I find many chores so supremely boring and repetitive that I do my level best to avoid them as far as possible but keeping within the bounds of respectability and general hygiene. We sold a few items of furniture to our local second-hand shop this week - it's nice to de-clutter - but the result was that my husband tut-tutted about the amount of dust that was discovered behind/under the afore-mentioned (heavy) pieces and immediately got into cleaning mode, happily scrubbing/vacuuming everything in sight, before dashing off to wash the car and thereafter to his latest garage project. I am getting the uncomfortable feeling that the balance of doing the 'jobs' in this house is leaning perilously towards his side of the the fence and that I ought to pull my socks up before he realises this. He has been doing all the mowing as well, as I have been in a sulk since I discovered that our new electric lawn-mower does not drive itself, you actually have to push it. I liked our old petrol mower with it's sturdy Honda motor, I could even start it myself with the string, but the strings kept breaking so we got this other one: note that my husband can't bear to part with the old one and it takes up a large amount of space in our shed. Still at 35 years old it deserves to go on pension as long as it keeps it's place in our hearts. Also, I used to mow acres of lawn at my parents' home in England when I went over every in the summer months, but the grass was soft and green and you had to run behind the state-on-the-art mower to keep up with it. That was lawn-mowing bliss and I got spoilt. Now I have to cope with miles of electric wire so that the machine can reach our pavement where we have a pocket handkerchief-sized piece of grass which I felt I should in all fairness be able to manage.
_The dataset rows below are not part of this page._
(* Let $w\in\mathbb{R}^n$ have positive entries with $\max_{i,j}w_i/w_j\le b$, let $\widehat W\in\mathbb{R}^n$ have positive entries, set $\rho_{ij}=w_i/w_j$, and let $s_{ij}\ge0$ ($i,j=1,\dots,n$) be such that $$\left[\frac{\widehat W_i}{\widehat W_j}-\rho_{ij}\right]^2\le\rho_{ij}^2\,s_{ij}\quad\text{for all }i,j.$$ Then for every $\ell\in\{1,\dots,n\}$, $\sin(w,\widehat W)^2\le\max_j s_{j\ell}$, and moreover $\sin(w,\widehat W)^2\le b^2 s_{\rm avg}$, where $s_{\rm avg}=\frac1{n^2}\sum_{a,c=1}^n s_{ac}$.
   Context: $\sin(x,y)$ denotes the sine of the angle between nonzero vectors $x,y\in\mathbb{R}^n$. *)

From mathcomp Require Import all_boot all_order all_algebra.
Set Implicit Arguments. Unset Strict Implicit. Unset Printing Implicit Defensive.
Import Order.TTheory GRing.Theory Num.Theory.
Local Open Scope ring_scope.

Definition dotv (R : rcfType) (n : nat) (x y : 'rV[R]_n) : R :=
  \sum_(i < n) x 0 i * y 0 i.
Definition normv (R : rcfType) (n : nat) (x : 'rV[R]_n) : R :=
  Num.sqrt (dotv x x).

Definition cosv (R : rcfType) (n : nat) (x y : 'rV[R]_n) : R :=
  dotv x y / (normv x * normv y).
Definition sinv (R : rcfType) (n : nat) (x y : 'rV[R]_n) : R :=
  Num.sqrt (1 - cosv x y ^+ 2).

From mathcomp Require Import all_boot all_order all_algebra.
From mathcomp Require Import ring.

Set Implicit Arguments.
Unset Strict Implicit.
Unset Printing Implicit Defensive.
Import Order.TTheory GRing.Theory Num.Theory.
Local Open Scope ring_scope.

(* Since [sin(w, v)^2 |w|^2] is the squared distance from [w] to the line
   spanned by [v], it is at most [|w - t v|^2] for every [t].  Taking
   [t = w_l / What_l] turns the j-th coordinate of [w - t What] into
   [w_l (What_j/What_l - w_j/w_l)], whose square is at most [w_j^2 s_jl] by
   hypothesis.  Hence [sin^2] is bounded by the mean of the [s_jl] (j varying)
   with weights [w_j^2 / |w|^2]; these weights sum to one, and the ratio bound
   [b] makes each of them at most [b^2 / n].  The first inequality follows for
   every [l], and averaging it over [l] gives the second. *)

Lemma dotvv (R : rcfType) (n : nat) (x : 'rV[R]_n) :
  dotv x x = \sum_(i < n) x 0 i ^+ 2.
Proof. by apply: eq_bigr => i _; rewrite expr2. Qed.

Lemma dotv_gt0 (R : rcfType) (n : nat) (x : 'rV[R]_n) :
  (0 < n)%N -> (forall i, 0 < x 0 i) -> 0 < dotv x x.
Proof.
move=> n_gt0 x_gt0; rewrite dotvv (bigD1 (Ordinal n_gt0)) //=.
by rewrite ltr_wpDr ?exprn_gt0 // sumr_ge0 // => i _; rewrite sqr_ge0.
Qed.

Lemma dotv_subZ (R : rcfType) (n : nat) (w v : 'rV[R]_n) (t : R) :
  dotv (w - t *: v) (w - t *: v)
    = dotv w w - 2 * t * dotv w v + t ^+ 2 * dotv v v.
Proof.
rewrite /dotv !mulr_sumr -sumrB -big_split /=.
by apply: eq_bigr => i _; rewrite !mxE; ring.
Qed.

Lemma sqr_sinv_le_dist (R : rcfType) (n : nat) (w v : 'rV[R]_n) (t : R) :
  0 < dotv w w -> 0 < dotv v v ->
  sinv w v ^+ 2 <= dotv (w - t *: v) (w - t *: v) / dotv w w.
Proof.
move=> D_gt0 E_gt0; rewrite dotv_subZ /sinv /cosv /normv.
set D := dotv w w; set E := dotv v v; set P := dotv w v.
have [sin2_le0 | sin2_gt0] := leP (1 - (P / (Num.sqrt D * Num.sqrt E)) ^+ 2) 0.
  rewrite ler0_sqrtr // expr0n /= -dotv_subZ divr_ge0 ?(ltW D_gt0) //.
  by rewrite dotvv sumr_ge0 // => i _; rewrite sqr_ge0.
rewrite sqr_sqrtr ?(ltW sin2_gt0) // expr_div_n exprMn.
rewrite !sqr_sqrtr ?(ltW D_gt0) ?(ltW E_gt0) // -subr_ge0.
have -> : (D - 2 * t * P + t ^+ 2 * E) / D - (1 - P ^+ 2 / (D * E))
          = (t * E - P) ^+ 2 / (D * E).
  by field; rewrite !gt_eqF.
by rewrite divr_ge0 ?sqr_ge0 // ltW // mulr_gt0.
Qed.

Lemma sum_weighted_le_bigmax (R : realDomainType) (I : finType) (a x : I -> R) :
  (forall i, 0 <= a i) ->
  \sum_i a i * x i <= (\sum_i a i) * \big[Num.max/0]_i x i.
Proof.
move=> a_ge0; rewrite mulr_suml; apply: ler_sum => i _.
by rewrite ler_wpM2l // le_bigmax.
Qed.

Section RatioPerturbation.

Variables (R : rcfType) (n : nat) (w What : 'rV[R]_n).
Hypotheses (n_gt0 : (0 < n)%N) (w_gt0 : forall i, 0 < w 0 i).

Let D_gt0 : 0 < dotv w w. Proof. exact: dotv_gt0. Qed.

Definition sqr_weight (j : 'I_n) : R := w 0 j ^+ 2 / dotv w w.

Lemma sqr_weight_ge0 j : 0 <= sqr_weight j.
Proof. by rewrite divr_ge0 ?sqr_ge0 ?ltW. Qed.

Lemma sum_sqr_weight : \sum_j sqr_weight j = 1.
Proof. by rewrite -mulr_suml -dotvv divff ?gt_eqF. Qed.

Lemma sqr_weight_le (b : R) :
  (forall i j, w 0 i / w 0 j <= b) -> forall j, sqr_weight j <= b ^+ 2 / n%:R.
Proof.
move=> ratio_le_b j; have nR_gt0 : 0 < n%:R :> R by rewrite ltr0n.
rewrite /sqr_weight ler_pdivrMr // mulrAC ler_pdivlMr // mulrC mulr_natl.
have -> : w 0 j ^+ 2 *+ n = \sum_(k < n) w 0 j ^+ 2 by rewrite sumr_const card_ord.
rewrite dotvv mulr_sumr; apply: ler_sum => k _.
have wj_le : w 0 j <= b * w 0 k by rewrite -ler_pdivrMr.
rewrite -exprMn ler_sqr ?nnegrE ?(ltW (w_gt0 j)) //.
exact: le_trans (ltW (w_gt0 j)) wj_le.
Qed.

Hypothesis What_gt0 : forall i, 0 < What 0 i.

Lemma sqr_sinv_le_weighted_mean (s : 'I_n -> 'I_n -> R) :
  (forall i j, (What 0 i / What 0 j - w 0 i / w 0 j) ^+ 2
                 <= (w 0 i / w 0 j) ^+ 2 * s i j) ->
  forall l, sinv w What ^+ 2 <= \sum_j sqr_weight j * s j l.
Proof.
move=> hs l.
have E_gt0 : 0 < dotv What What by exact: dotv_gt0.
apply: le_trans (sqr_sinv_le_dist (w 0 l / What 0 l) D_gt0 E_gt0) _.
rewrite dotvv mulr_suml; apply: ler_sum => j _.
rewrite !mxE /sqr_weight [leRHS]mulrAC ler_wpM2r ?invr_ge0 ?(ltW D_gt0) //.
have wl_gt0 := w_gt0 l; have Wl_gt0 := What_gt0 l.
have -> : (w 0 j - w 0 l / What 0 l * What 0 j) ^+ 2
          = w 0 l ^+ 2 * (What 0 j / What 0 l - w 0 j / w 0 l) ^+ 2.
  by field; rewrite !gt_eqF.
have -> : w 0 j ^+ 2 * s j l = w 0 l ^+ 2 * ((w 0 j / w 0 l) ^+ 2 * s j l).
  by field; rewrite gt_eqF.
by rewrite ler_wpM2l ?sqr_ge0.
Qed.

End RatioPerturbation.

Theorem lemma7 (R : rcfType) (n : nat) (hn : (0 < n)%N)
  (w What : 'rV[R]_n) (b : R) (s : 'I_n -> 'I_n -> R)
  (hw : forall i, 0 < w 0 i)
  (hb : forall i j, w 0 i / w 0 j <= b)
  (hW : forall i, 0 < What 0 i)
  (hs0 : forall i j, 0 <= s i j)
  (hs : forall i j,
      (What 0 i / What 0 j - w 0 i / w 0 j) ^+ 2
        <= (w 0 i / w 0 j) ^+ 2 * s i j) :
  (forall l : 'I_n, sinv w What ^+ 2 <= \big[Num.max/0]_(j < n) s j l) /\
  sinv w What ^+ 2
    <= b ^+ 2 * ((n%:R ^+ 2)^-1 * \sum_(a < n) \sum_(c < n) s a c).
Proof.
have sin_le := sqr_sinv_le_weighted_mean hn hw hW hs.
split=> [l|].
  apply: le_trans (sin_le l) _.
  rewrite -[X in _ <= X]mul1r -(sum_sqr_weight hn hw).
  exact: sum_weighted_le_bigmax (sqr_weight_ge0 hn hw).
have nR_gt0 : 0 < n%:R :> R by rewrite ltr0n.
rewrite -(ler_pM2l nR_gt0).
have -> : n%:R * sinv w What ^+ 2 = \sum_(c < n) sinv w What ^+ 2.
  by rewrite sumr_const card_ord mulr_natl.
have -> : n%:R * (b ^+ 2 * ((n%:R ^+ 2)^-1 * \sum_(a < n) \sum_(c < n) s a c))
          = b ^+ 2 / n%:R * \sum_(c < n) \sum_(a < n) s a c.
  by rewrite [in RHS]exchange_big /=; field; rewrite gt_eqF.
rewrite mulr_sumr; apply: ler_sum => c _; rewrite mulr_sumr.
apply: le_trans (sin_le c) _.
by apply: ler_sum => a _; rewrite ler_wpM2r // sqr_weight_le.
Qed.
The off-putting part is that I have to unwind/windup about 12 metres of extension cord and same of the machine's own electric cord.  I have so little patience for this that I consciously have to calm my mind by counting the coils until it's done. The compensations are that my conscience nags me less and the pavement grass really looks good. For now. In a civilized world I suppose the local council is supposed to see to the pavement?

4 comments:

  1. The one who cares about it should do the cleaning at this stage of life.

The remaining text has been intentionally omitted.